We considered further restricting the target to require, not only that the customer was inactive, but also that the conversation concludes by being timed out. However, it can be helpful for the agent to use Automatic Timeout to free them up temporarily to focus on other work, even when the customer comes back before the sequence completes in a few minutes.
In the end, we designed a more complex target that better identifies the times in the chat when it would be useful to enable Automatic Timeout, based on additional situational data and an auxiliary model. Specifically, the customer needs to have been idle for a certain period, and the next event in the chat is either an Automatic Timeout message, a timeout-like message sent manually by the agent, or the agent timing out the customer (which closes the chat and prioritizes the customer in the queue if they chat back in again). An auxiliary model is used to identify timeout-like messages. This work was primarily driven by our amazing intern Sara Price.
Data used to label Automatic Timeout recommendation model training data

As you can see from the table above, labeling training data for the Automatic Timeout recommendation model based on what agents should do entails a lot more modeling effort than simply replying on what agents have been doing (using the feature or not). Fortunately, with the ASAPP AI Native® approach, the additional models needed to determine the type of language the agent is using are already available and can be easily consumed by the Automatic Timeout recommendation model.

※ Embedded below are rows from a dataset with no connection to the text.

Lemma cos2r_bound (rho t : R) : Rabs (cos2r rho t) <= 1.
Proof.
  unfold cos2r.
  assert (0 <= rho ^ 2 * sin t ^ 2) by (apply Rmult_le_pos; apply pow2_ge_0).
  assert (0 <= cos t ^ 2) by apply pow2_ge_0.
  set (D := cos t ^ 2 + rho ^ 2 * sin t ^ 2).
  destruct (Req_dec D 0) as [E | E].
  - rewrite E. unfold Rdiv. rewrite Rinv_0, Rmult_0_r, Rabs_R0. lra.
  - assert (HD : 0 < D) by (unfold D in *; lra).
    apply Rabs_le. unfold Rdiv.
    split; apply (Rmult_le_reg_r D); try exact HD;
      rewrite Rmult_assoc, Rinv_l by lra; unfold D; nra.
Qed.

Lemma is_derive_sin_pow (m : nat) (t : R) : sin t <> 0 ->
  is_derive (fun t => sin t ^ m) t (INR m * sin t ^ m * cos t / sin t).
Proof.
  intro H.
  replace (INR m * sin t ^ m * cos t / sin t)
    with (INR m * cos t * sin t ^ Init.Nat.pred m).
  - apply is_derive_pow, is_derive_sin.
  - destruct m; [simpl | cbn [Init.Nat.pred pow]]; field; exact H.
Qed.

Lemma is_derive_cos_pow (m : nat) (t : R) : cos t <> 0 ->
  is_derive (fun t => cos t ^ m) t (- INR m * cos t ^ m * sin t / cos t).
Proof.
  intro H.
  replace (- INR m * cos t ^ m * sin t / cos t)
    with (INR m * (- sin t) * cos t ^ Init.Nat.pred m).
  - apply is_derive_pow, is_derive_cos.
  - destruct m; [simpl | cbn [Init.Nat.pred pow]]; field; exact H.
Qed.

Lemma cos2r_riccati (rho t : R) : 0 < t < PI / 2 ->
  is_derive (cos2r rho) t ((cos2r rho t ^ 2 - 1) / (sin t * cos t)).
Proof.
  intros Ht. destruct (sin_cos_pos t Ht) as [Hs Hc].
  assert (HD : 0 < cos t ^ 2 + rho ^ 2 * sin t ^ 2) by nra.
  assert (Hpyth : sin t ^ 2 + cos t ^ 2 = 1)
    by (rewrite <- (sin2_cos2 t); unfold Rsqr; ring).
  unfold cos2r. auto_derive; [lra |].
  transitivity (-4 * rho ^ 2 * sin t * cos t * (sin t ^ 2 + cos t ^ 2)
                / (cos t ^ 2 + rho ^ 2 * sin t ^ 2) ^ 2).
  - field. lra.
  - rewrite Hpyth. field. split; lra.
Qed.

(* The Sturm-Liouville weight, for n = k + p + 1. *)
Definition weight (k p : nat) (t : R) : R := sin t ^ (2 * k + 1) * cos t ^ (2 * p + 1).

Definition energy (k p : nat) (rho : R) (xi : R -> R) (t : R) : R :=
  weight k p t * xi t * Derive xi t
  - sin t ^ (2 * k) * cos t ^ (2 * p) * cos2r rho t * xi t ^ 2.

Definition energy_rate (k p : nat) (rho lam : R) (xi : R -> R) (t : R) : R :=
  - lam * weight k p t * xi t ^ 2
  + weight k p t * (Derive xi t - cos2r rho t * xi t / (sin t * cos t)) ^ 2.

Lemma weight_pos (k p : nat) (t : R) : 0 < t < PI / 2 -> 0 < weight k p t.
Proof.
  intros Ht. destruct (sin_cos_pos t Ht). unfold weight.
  apply Rmult_lt_0_compat; apply pow_lt; lra.
Qed.

Lemma energy_rate_nonneg (k p : nat) (rho lam : R) (xi : R -> R) (t : R) :
  lam <= 0 -> 0 < t < PI / 2 -> 0 <= energy_rate k p rho lam xi t.
Proof.
  intros Hlam Ht. pose proof (weight_pos k p t Ht). unfold energy_rate.
  apply Rplus_le_le_0_compat.
  - apply Rmult_le_pos; [nra | apply pow2_ge_0].
  - apply Rmult_le_pos; [lra | apply pow2_ge_0].
Qed.
(* Let $S\in\mathsf{Stab}(n,k)$, $E\in\bar{\mathcal{P}}_n$ and $x\in\{0,1\}^k$ be fixed. For any $n$-qubit Clifford $U$, the state $U E\ket{\overline{\psi_x}}^S$ equals $(UEU^\dagger)\,U\ket{\overline{\psi_x}}^S$, i.e. the encoding of $x$ under the stabilizer code $USU^\dagger$ (with encoding circuit $U U^S_{\mathrm{Enc}}$) acted upon by the error $UEU^\dagger$. Moreover, suppose $E$ has weight $w=O(\log^c n)$ for some integer $c>0$. Then for $U\sim\mathsf{PLC}_n$ uniform, the joint distribution of $(UEU^\dagger,USU^\dagger)$ is within total variation distance at most $1-1/O(n^{\log^c n})$ of the product distribution $\mathcal{U}_w\times\mathrm{Unif}(\{VSV^\dagger\}_{V\in\mathsf{PLC}_n})$.
   Context: $\bar{\mathcal{P}}_n$ is the set of unsigned $n$-qubit Pauli operators; the weight of a Pauli is its number of non-identity tensor factors; $\mathcal{U}_w$ is the uniform distribution over the unsigned $n$-qubit Paulis of weight exactly $w$. $\mathsf{Stab}(n,k)$ is the set of stabilizer subgroups of the $n$-qubit Pauli group with $n-k$ independent commuting generators (not containing $-I$); $U^S_{\mathrm{Enc}}$ is a Clifford encoding circuit for $S$ and $\ket{\overline{\psi_x}}^S=U^S_{\mathrm{Enc}}(\ket{0^{n-k}}\otimes\ket{x})$. $\mathsf{PLC}_n$ is the group (modulo global phase) of $n$-qubit Cliffords of the form $(C_1\otimes\cdots\otimes C_n)\,\mathcal{Q}(\pi)$ with $C_i$ single-qubit Cliffords and $\mathcal{Q}(\pi)$ the operator permuting the $n$ qubits according to $\pi\in\mathfrak{S}_n$; $U\sim\mathsf{PLC}_n$ denotes the uniform distribution on this finite group. *)

From HB Require Import structures.
From mathcomp Require Import all_boot all_order all_algebra all_fingroup all_field.
From mathcomp Require Import boolp reals exp.
Set Implicit Arguments. Unset Strict Implicit. Unset Printing Implicit Defensive.
Import Order.TTheory GRing.Theory Num.Theory.
Local Open Scope ring_scope.

Definition qbit (n : nat) (j : 'I_n) (i : 'I_(2 ^ n)) : bool := odd (i %/ 2 ^ j).
Definition b2o (b : bool) : 'I_2 := inord (nat_of_bool b).

Definition tens (n : nat) (C : 'I_n -> 'M[algC]_2) : 'M[algC]_(2 ^ n) :=
  \matrix_(i, i') \prod_(j < n) C j (b2o (qbit j i)) (b2o (qbit j i')).

(* qubit permutation operator Q(pi): sends qubit j to qubit pi j *)
Definition Qperm (n : nat) (pi : 'S_n) : 'M[algC]_(2 ^ n) :=
  \matrix_(i, i') (([forall j, qbit (pi j) i == qbit j i'] : bool)%:R).

Definition ket (n : nat) (b : {ffun 'I_n -> bool}) : 'cV[algC]_(2 ^ n) :=
  \col_i (([forall j, qbit j i == b j] : bool)%:R).

Definition adj (m : nat) (U : 'M[algC]_m) : 'M[algC]_m := (map_mx (fun z : algC => z^*) U)^T.
Definition unitary (m : nat) (U : 'M[algC]_m) : Prop := U *m adj U = 1%:M.

(* 0 = I, 1 = X, 2 = Y, 3 = Z *)
Definition pauli1 (a : 'I_4) : 'M[algC]_2 :=
  \matrix_(r, s)
   (if val a == 0%N then (if r == s then 1 else 0)
    else if val a == 1%N then (if r != s then 1 else 0)
    else if val a == 2%N then
      (if r == s then 0 else if val r == 0%N then - 'i else 'i)
    else (if r == s then (if val r == 0%N then 1 else -1) else 0)).

Definition upauli (n : nat) := {ffun 'I_n -> 'I_4}.
(* elements i^a P of the n-qubit Pauli group *)
Definition spauli (n : nat) := ('I_4 * upauli n)%type.

Definition pmat (n : nat) (p : upauli n) : 'M[algC]_(2 ^ n) :=
  tens (fun j => pauli1 (p j)).
Definition smat (n : nat) (s : spauli n) : 'M[algC]_(2 ^ n) :=
  ('i ^+ s.1) *: pmat s.2.

Definition weight (n : nat) (p : upauli n) : nat := #|[set j | p j != 0]|.

Definition is_clifford (n : nat) (U : 'M[algC]_(2 ^ n)) : Prop :=
  unitary U /\ forall s : spauli n, exists t : spauli n,
      smat t = U *m smat s *m adj U.

Definition conj_sp (n : nat) (U : 'M[algC]_(2 ^ n)) (s : spauli n) : spauli n :=
  odflt s [pick t | smat t == U *m smat s *m adj U].

Definition conj_set (n : nat) (U : 'M[algC]_(2 ^ n)) (S : {set spauli n}) :
  {set spauli n} := [set conj_sp U s | s in S].

(* an n-qubit Clifford modulo global phase, represented by its (faithful)
   conjugation action on the Pauli group *)
Definition cact (n : nat) (U : 'M[algC]_(2 ^ n)) : {ffun spauli n -> spauli n} :=
  [ffun s => conj_sp U s].

Definition is_PLC (n : nat) (U : 'M[algC]_(2 ^ n)) : Prop :=
  exists (C : 'I_n -> 'M[algC]_(2 ^ 1)) (pi : 'S_n),
    (forall j, is_clifford (C j)) /\ U = tens C *m Qperm pi.

Definition PLC (n : nat) : {set {ffun spauli n -> spauli n}} :=
  [set f | `[< exists U, is_PLC U /\ cact U = f >] ].

Definition gprod (n m : nat) (g : 'I_m -> spauli n) (l : seq 'I_m) :
  'M[algC]_(2 ^ n) := foldr (fun i A => smat (g i) *m A) 1%:M l.

Definition in_gen (n m : nat) (g : 'I_m -> spauli n) (s : spauli n) : Prop :=
  exists l : seq 'I_m, smat s = gprod g l.

Definition minusI (n : nat) : spauli n := (inord 2, [ffun => 0]).

Definition Stab (n k : nat) (S : {set spauli n}) : Prop :=
  (k <= n)%N /\
  (forall s t, s \in S -> t \in S -> smat s *m smat t = smat t *m smat s) /\
  minusI n \notin S /\
  exists g : 'I_(n - k) -> spauli n,
    (forall s, s \in S <-> in_gen g s) /\
    (forall i, ~ exists l : seq 'I_(n - k),
        all (fun j => j != i) l /\ smat (g i) = gprod g l).
Lemma cycles_of_trap lab n : cylinder (arc_trap lab (walk lab n)) lab -> cycles lab v0 l.
Proof.
move=> /iter_walk_step_trap trapE; exists n.+1, (4 + n.+1).
by split; [lia | rewrite /basic_walk iterD (iterS n) trapE].
Qed.

Lemma arc_trap_eq_on r n lab lab' : {in l1ball r, lab =1 lab'} ->
  first_exit r n lab -> arc_trap lab (walk lab n) = arc_trap lab' (walk lab' n).
Proof.
move=> labE exit; have [walkE _] := first_exit_eq_on labE exit.
rewrite -walkE // /arc_trap labE // mem_l1ball.
by case: exit => inside _; apply: inside.
Qed.

Lemma trap_sub_l1ball r n lab : first_exit r n lab ->
  {subset map fst (arc_trap lab (walk lab n)) <= l1ball (r + 3)}.
Proof.
move=> /l1norm_first_exit targetE v /l1norm_trap.
by rewrite mem_l1ball -targetE => /andP[].
Qed.

Definition untrapped r lab :=
  forall n, first_exit r n lab -> ~ cylinder (arc_trap lab (walk lab n)) lab.

Lemma depends_on_untrapped r : depends_on (l1ball (r + 3)) (untrapped r).
Proof.
move=> lab lab' labE untr n exit'.
have labE_r : {in l1ball r, lab' =1 lab}.
  by move=> v /(l1ball_sub (leq_addr 3 r)) /labE.
have exit := (first_exit_eq_on labE_r exit').2.
rewrite (arc_trap_eq_on labE_r exit') -(cylinder_eq_on labE (trap_sub_l1ball exit)).
exact: untr.
Qed.

(* The traps at consecutive shells occupy disjoint annuli of width 3. *)
Definition shell k := (l1norm v0).+1 + 3 * k.

Definition escapes k : set Lab :=
  [set lab | (exists n, first_exit (shell k) n lab) /\
             forall j, j < k -> untrapped (shell j) lab].

Lemma depends_on_escapes k : depends_on (l1ball (shell k)) (escapes k).
Proof.
move=> lab lab' labE [[n exit] untr]; split.
  by exists n; apply: (first_exit_eq_on labE exit).2.
move=> j jk; apply: depends_on_untrapped (untr j jk).
have shell_sub : {subset l1ball (shell j + 3) <= l1ball (shell k)}.
  by apply: l1ball_sub; rewrite /shell; lia.
by move=> v /shell_sub /labE.
Qed.

Lemma measurable_escapes k : measurable (escapes k).
Proof. exact: (measurable_depends_on (@depends_on_escapes k)). Qed.

Lemma not_cycles_escapes k lab : ~ cycles lab v0 l -> escapes k lab.
Proof.
move=> notcyc; split; first by apply: first_exit_of_not_cycles notcyc _; rewrite /shell; lia.
by move=> j _ n _ /cycles_of_trap.
Qed.

(* Junk value 0 when the walk never reaches radius r. *)
Definition exit_time r lab := xget 0 [set n | first_exit r n lab].

Lemma first_exit_time r n lab : first_exit r n lab -> first_exit r (exit_time r lab) lab.
Proof. exact: (@xgetI _ 0 [set m | first_exit r m lab]). Qed.

Lemma exit_time_eq_on r lab lab' : {in l1ball r, lab =1 lab'} ->
  exit_time r lab = exit_time r lab'.
Proof.
move=> labE; congr xget; apply/seteqP; split=> n exit.
  exact: (first_exit_eq_on labE exit).2.
by apply: (first_exit_eq_on _ exit).2 => v /labE.
Qed.

Definition exit_trap r lab := arc_trap lab (walk lab (exit_time r lab)).

Lemma exit_trap_eq_on r lab lab' : {in l1ball r, lab =1 lab'} ->
  (exists n, first_exit r n lab) -> exit_trap r lab = exit_trap r lab'.
Proof.
move=> labE [n exit]; rewrite /exit_trap -(exit_time_eq_on labE).
exact: arc_trap_eq_on labE (first_exit_time exit).
Qed.

Lemma exit_trap_fresh r lab : (exists n, first_exit r n lab) ->
  size (exit_trap r lab) = 4 /\ uniq (l1ball r ++ map fst (exit_trap r lab)).
Proof.
move=> [n /first_exit_time /l1norm_first_exit targetE]; split=> //.
rewrite cat_uniq uniq_l1ball uniq_trap andbT; apply/hasPn => v /l1norm_trap.
by rewrite mem_l1ball -leqNgt targetE => /andP[].
Qed.

Lemma escapes_succ k : escapes k.+1 `<=`
  escapes k `\` [set lab | cylinder (exit_trap (shell k) lab) lab].
Proof.
move=> lab [[n exit] untr].
have [m _ exit_k] : exists2 m, m <= n & first_exit (shell k) m lab.
  apply: first_exit_exists; first by rewrite /shell; lia.
  by rewrite (l1norm_first_exit exit) /shell; lia.
split; first by split=> [|j jk]; [exists m | apply: untr; lia].
exact: untr (ltnSn k) _ (first_exit_time exit_k).
Qed.
(* There is a mapping $\Phi :(\mathfrak{M}, \supseteq )\rightarrow (\mathfrak{M_H}, \supseteq )$ such that for every $I\in \mathfrak{M}$, $\Phi (I)\supseteq I$ and $\Phi (I)\approx _{\mathrm{sep}} I$.
   Context: All ideals on $\omega$ considered are proper and contain all finite subsets of $\omega$; they are viewed as subsets of the Cantor space $2^\omega=\mathcal{P}(\omega)$. $\mathfrak{M}$ is the set of all ideals on $\omega$ that are meager subsets of $2^\omega$, ordered by reverse inclusion $\supseteq$ (so larger ideals are stronger conditions). For $X\subseteq\omega$ and an ideal $I$, $I\upharpoonright X=\{A\in I: A\subseteq X\}$, and $I^+=\mathcal{P}(\omega)\setminus I$. An ideal $I$ is hereditary meager if for every $X\in I^+$ the set $I\upharpoonright X$ is meager in $2^X$; $\mathfrak{M_H}$ is the set of hereditary meager ideals ordered by $\supseteq$. Two meager ideals are compatible (in $(\mathfrak{M},\supseteq)$) if some meager ideal contains both, and disjoint otherwise. For $I,J\in\mathfrak{M}$, $I\approx_{\mathrm{sep}}J$ means: for every meager ideal $K$, $K$ is disjoint with $I$ iff $K$ is disjoint with $J$. *)

From HB Require Import structures.
From mathcomp Require Import all_boot all_order all_algebra.
From mathcomp Require Import all_classical all_reals.
From mathcomp Require Import topology cantor.
Set Implicit Arguments. Unset Strict Implicit. Unset Printing Implicit Defensive.
Local Open Scope classical_set_scope.

(* Subsets of omega are points of the Cantor space 2^omega = nat -> bool
   (characteristic functions), with the product topology (cantor_space). *)

Definition nowhere_dense (T : topologicalType) (A : set T) : Prop :=
  interior (closure A) = set0.

Definition meager (T : topologicalType) (A : set T) : Prop :=
  exists F : nat -> set T,
    (forall n, nowhere_dense (F n)) /\ A `<=` \bigcup_n F n.
(* (Partial complement.) Let $V_1,V_2$ be disjoint finite vertex sets, $E\subseteq\{\{u,w\}:u\in V_1,w\in V_2\}$, and let $S_1\subseteq V_1$, $S_2\subseteq V_2$ be nonempty subsets. Let $s_1,s_2$ be two additional vertices and consider either of the graphs (a) on $V_1\cup V_2\cup\{s_1,s_2\}$ with edges $E\cup\{\{s_1,s_2\}\}\cup\{\{v,s_2\}:v\in S_1\}\cup\{\{w,s_1\}:w\in S_2\}$, or (b) on $V_1\cup V_2\cup\{s_1,s_2\}$ with edges $E\cup\{\{s_1,s_2\}\}\cup\{\{v,s_1\}:v\in S_1\}\cup\{\{w,s_2\}:w\in S_2\}$. Then the corresponding graph state can be transformed by LOCC (single-qubit Pauli measurements on $s_1$ and $s_2$ followed by outcome-dependent local unitary corrections on the remaining qubits) into the graph state of the graph on $V_1\cup V_2$ whose edge set is obtained from $E$ by complementing exactly the pairs in $S_1\times S_2$, namely $$\big(E\setminus\{\{u,w\}:u\in S_1,w\in S_2\}\big)\;\cup\;\{\{u,w\}:u\in S_1,\ w\in S_2,\ \{u,w\}\notin E\};$$ in particular every inter-link of $E$ incident to a vertex outside $S_1\cup S_2$ is retained unchanged.
   Context: For a simple graph $G=(V,E)$, the graph state $|G\rangle$ is the $|V|$-qubit state $\prod_{\{a,b\}\in E} CZ_{ab}\,|+\rangle^{\otimes |V|}$, one qubit per vertex. Two QLANs are modeled by disjoint vertex sets $V_1,V_2$; inter-links are edges between $V_1$ and $V_2$. LOCC means local operations on individual qubits together with classical communication. *)

From HB Require Import structures.
From mathcomp Require Import all_boot all_order all_algebra all_field.
Set Implicit Arguments. Unset Strict Implicit. Unset Printing Implicit Defensive.
Import Order.TTheory GRing.Theory Num.Theory.
Local Open Scope ring_scope.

With the final version of the prediction target, we achieved a better alignment between the training data, and hence the model’s behavior, and the usefulness of our recommendations. And the evaluation metric became a better indicator of how useful our model would be in practice. In some cases, simply predicting agent actions is sufficient to build helpful AI recommendations, but in other cases, as with Automation Timeout, we have found it can pay dividends to think carefully about how to engineer the training data to guide agents toward more optimal workflows.